#!/usr/bin/env bash
#
# Consistency test sets prepared by Voita et al., 2019 (When a Good Translation is Wrong in Context)
#
# bash sh/prepare/en-ru/voita_opensubs/consistency.sh deixis_dev (--case=true)
# bash sh/prepare/en-ru/voita_opensubs/consistency.sh deixis_test (--case=true)
# bash sh/prepare/en-ru/voita_opensubs/consistency.sh lex_cohesion_dev (--case=true)
# bash sh/prepare/en-ru/voita_opensubs/consistency.sh lex_cohesion_test (--case=true)
# bash sh/prepare/en-ru/voita_opensubs/consistency.sh ellipsis_infl (--case=true)
# bash sh/prepare/en-ru/voita_opensubs/consistency.sh ellipsis_vp (--case=true)

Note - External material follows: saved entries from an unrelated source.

Lemma ex_RInt_sobolev_integrand s q a b : (forall xi, continuous q xi) ->
  ex_RInt (sobolev_integrand s q) a b.
Proof.
  intros Hq.
  assert (Hc : forall xi, continuous (fun xi => Rpower (1 + xi ^ 2) s * exp (- xi) ^ 2 * q xi) xi)
    by (intros xi; apply (continuous_mult (K := R_AbsRing));
          [apply sobolev_weight_continuous|apply Hq]).
  assert (Hneg : forall a b, a <= b <= 0 -> ex_RInt (sobolev_integrand s q) a b).
  { intros a' b' Hab. apply ex_RInt_ext with (fun _ => 0).
    - intros x Hx. rewrite Rmin_left, Rmax_right in Hx by lra.
      unfold sobolev_integrand. destruct (Rlt_dec 0 x); lra.
    - apply (ex_RInt_const (V := R_NormedModule)). }
  assert (Hpos : forall a b, 0 <= a <= b -> ex_RInt (sobolev_integrand s q) a b).
  { intros a' b' Hab. apply ex_RInt_ext with (2 := ex_RInt_continuous_R _ a' b' Hc).
    intros x Hx. rewrite Rmin_left, Rmax_right in Hx by lra.
    unfold sobolev_integrand. destruct (Rlt_dec 0 x); lra. }
  assert (Hle : forall a b, a <= b -> ex_RInt (sobolev_integrand s q) a b).
  { intros a' b' Hab. destruct (Rle_dec b' 0); [apply Hneg; lra|].
    destruct (Rle_dec 0 a'); [apply Hpos; lra|].
    apply (ex_RInt_Chasles (V := R_NormedModule) _ a' 0 b'); [apply Hneg|apply Hpos]; lra. }
  destruct (Rle_dec a b); [apply Hle; lra|]. apply ex_RInt_swap, Hle. lra.
Qed.

Lemma sobolev_integrand_improper_int s q Q0 : (forall xi, continuous q xi) ->
  (forall xi, Rabs (q xi) <= Q0 * (1 + xi ^ 2)) ->
  exists I, improper_int (sobolev_integrand s q) I.
Proof.
  intros Hc Hq. destruct (sobolev_weight_sq_bound s) as [C [HC HCb]].
  assert (HQ : 0 <= Q0) by (generalize (Hq 0) (Rabs_pos (q 0)); simpl; intros; nra).
  apply (dominated_improper_int _ (C * Q0)).
  { intros a b. apply ex_RInt_sobolev_integrand, Hc. }
  intros xi. unfold sobolev_integrand. pose proof (one_plus_sq_pos xi).
  destruct (Rlt_dec 0 xi).
  - pose proof (sobolev_weight_pos s xi).
    rewrite Rabs_mult, (Rabs_right (_ * _)) by lra.
    apply Rmult_le_reg_r with (1 + xi ^ 2); auto.
    replace (C * Q0 / (1 + xi ^ 2) * (1 + xi ^ 2)) with (C * Q0) by (field; lra).
    apply Rle_trans with
      (Rpower (1 + xi ^ 2) s * exp (- xi) ^ 2 * (1 + xi ^ 2) ^ 2 * Q0).
    + replace (Rpower (1 + xi ^ 2) s * exp (- xi) ^ 2 * (1 + xi ^ 2) ^ 2 * Q0) with
        (Rpower (1 + xi ^ 2) s * exp (- xi) ^ 2 * (Q0 * (1 + xi ^ 2)) * (1 + xi ^ 2)) by ring.
      apply Rmult_le_compat_r; [lra|]. apply Rmult_le_compat_l; [lra|auto].
    + apply Rmult_le_compat_r; auto. apply HCb. lra.
  - rewrite Rabs_R0. apply Rdiv_le_0_compat; [nra|lra].
Qed.

Lemma sobolev_integrand_bounded_improper_int s (q : R -> R) K :
  (forall xi, continuous q xi) -> (forall xi, 0 <= q xi <= K) ->
  exists I, improper_int (sobolev_integrand s q) I.
Proof.
  intros Hc Hq. apply (sobolev_integrand_improper_int s q K Hc).
  intros xi. destruct (Hq xi). rewrite Rabs_right by lra.
  pose proof (pow2_ge_0 xi). nra.
Qed.

Lemma sobolev_integrand_ge0 s q xi : (forall y, 0 <= q y) -> 0 <= sobolev_integrand s q xi.
Proof.
  intros H. unfold sobolev_integrand. destruct (Rlt_dec 0 xi); [|lra].
  apply Rmult_le_pos; auto. left; apply sobolev_weight_pos.
Qed.

Lemma sobolev_integrand_le s q q' xi : (forall y, q y <= q' y) ->
  sobolev_integrand s q xi <= sobolev_integrand s q' xi.
Proof.
  intros H. unfold sobolev_integrand. destruct (Rlt_dec 0 xi); [|lra].
  apply Rmult_le_compat_l; auto. left; apply sobolev_weight_pos.
Qed.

# Read script arguments and assign them to variables
for argument in "$@" 
do
    key=$(echo $argument | cut -f1 -d=)
    value=$(echo $argument | cut -f2 -d=)   
    if [[ $key == *"--"* ]]; then
        v="${key/--/}"
        declare $v="${value}" 
   fi
done
# Set true-case/lower-case option
if [ -n "$case" ]; then case=$case ; else case=lower ; fi



# Move to the data directory corresponding to the right language pair
src=en
tgt=ru
lang=$src-$tgt
DATA=$HOME/dev/fairseq/data/$lang
mkdir -p $DATA
cd $DATA

# Setting variables
if [ $case = "lower" ]
then
    corpus=voita_opensubs/testset_consistency
    CODE_SOURCE_DIR=voita_opensubs/context_agnostic/standard
else
    corpus=$case\_voita_opensubs/testset_consistency
    CODE_SOURCE_DIR=$case\_voita_opensubs/context_agnostic/standard
fi
orig=test_suites/good-translation-wrong-in-context/consistency_testsets/scoring_data
BPE_CODE=$CODE_SOURCE_DIR/code
BPE_TOKENS=32000
N_THREADS=8

# Standard variables
TOOLS=../../tools
BPEROOT=$TOOLS/subword-nmt/subword_nmt

HEADS=../../scripts/retrieve_doc_heads.py


# Setting variables for the current option
set=$1
prep=$corpus/$set
tmp=$prep/tmp
mkdir -p $tmp

echo "Pre-processing data..."
if [ $case = "lower" ]
then
    echo "Text is being lowercased!"
    # add a blank line between blocks of sentences, replace _eos with newline, lowercase
    cat $orig/$set.src | \
    awk '{print $0,"\n"}' | \
    sed "s/ _eos /\n/g" | \
    python -c "import sys; print(sys.stdin.read().lower())" > $tmp/test.$src
    cat $orig/$set.dst | \
    awk '{print $0,"\n"}' | \
    sed "s/ _eos /\n/g" | \
    python -c "import sys; print(sys.stdin.read().lower())" > $tmp/test.$tgt
else
    # add a blank line between blocks of sentences, replace _eos with newline
    cat $orig/$set.src | awk '{print $0,"\n"}' | sed "s/ _eos /\n/g" > $tmp/test.$src
    cat $orig/$set.dst | awk '{print $0,"\n"}' | sed "s/ _eos /\n/g" > $tmp/test.$tgt
fi

# retrieve indices of headlines
for l in $src $tgt; do
    python $HEADS $tmp/test.$l
    mv $tmp/test.$l.heads $prep/test.$lang.$l.heads
done

echo "Applying BPEs..."
for l in $src $tgt; do
    python $BPEROOT/apply_bpe.py -c $BPE_CODE < $tmp/test.$l > $prep/test.$l
done

echo "Building vocabulary and binarizing data..." 
rm -rf data-bin/$prep
fairseq-preprocess \
    --source-lang $src \
    --target-lang $tgt \
    --testpref $prep/test \
    --srcdict data-bin/$CODE_SOURCE_DIR/dict.en.txt \
    --joined-dictionary \
    --destdir data-bin/$prep \
    --workers $N_THREADS
cp $prep/*.heads data-bin/$prep/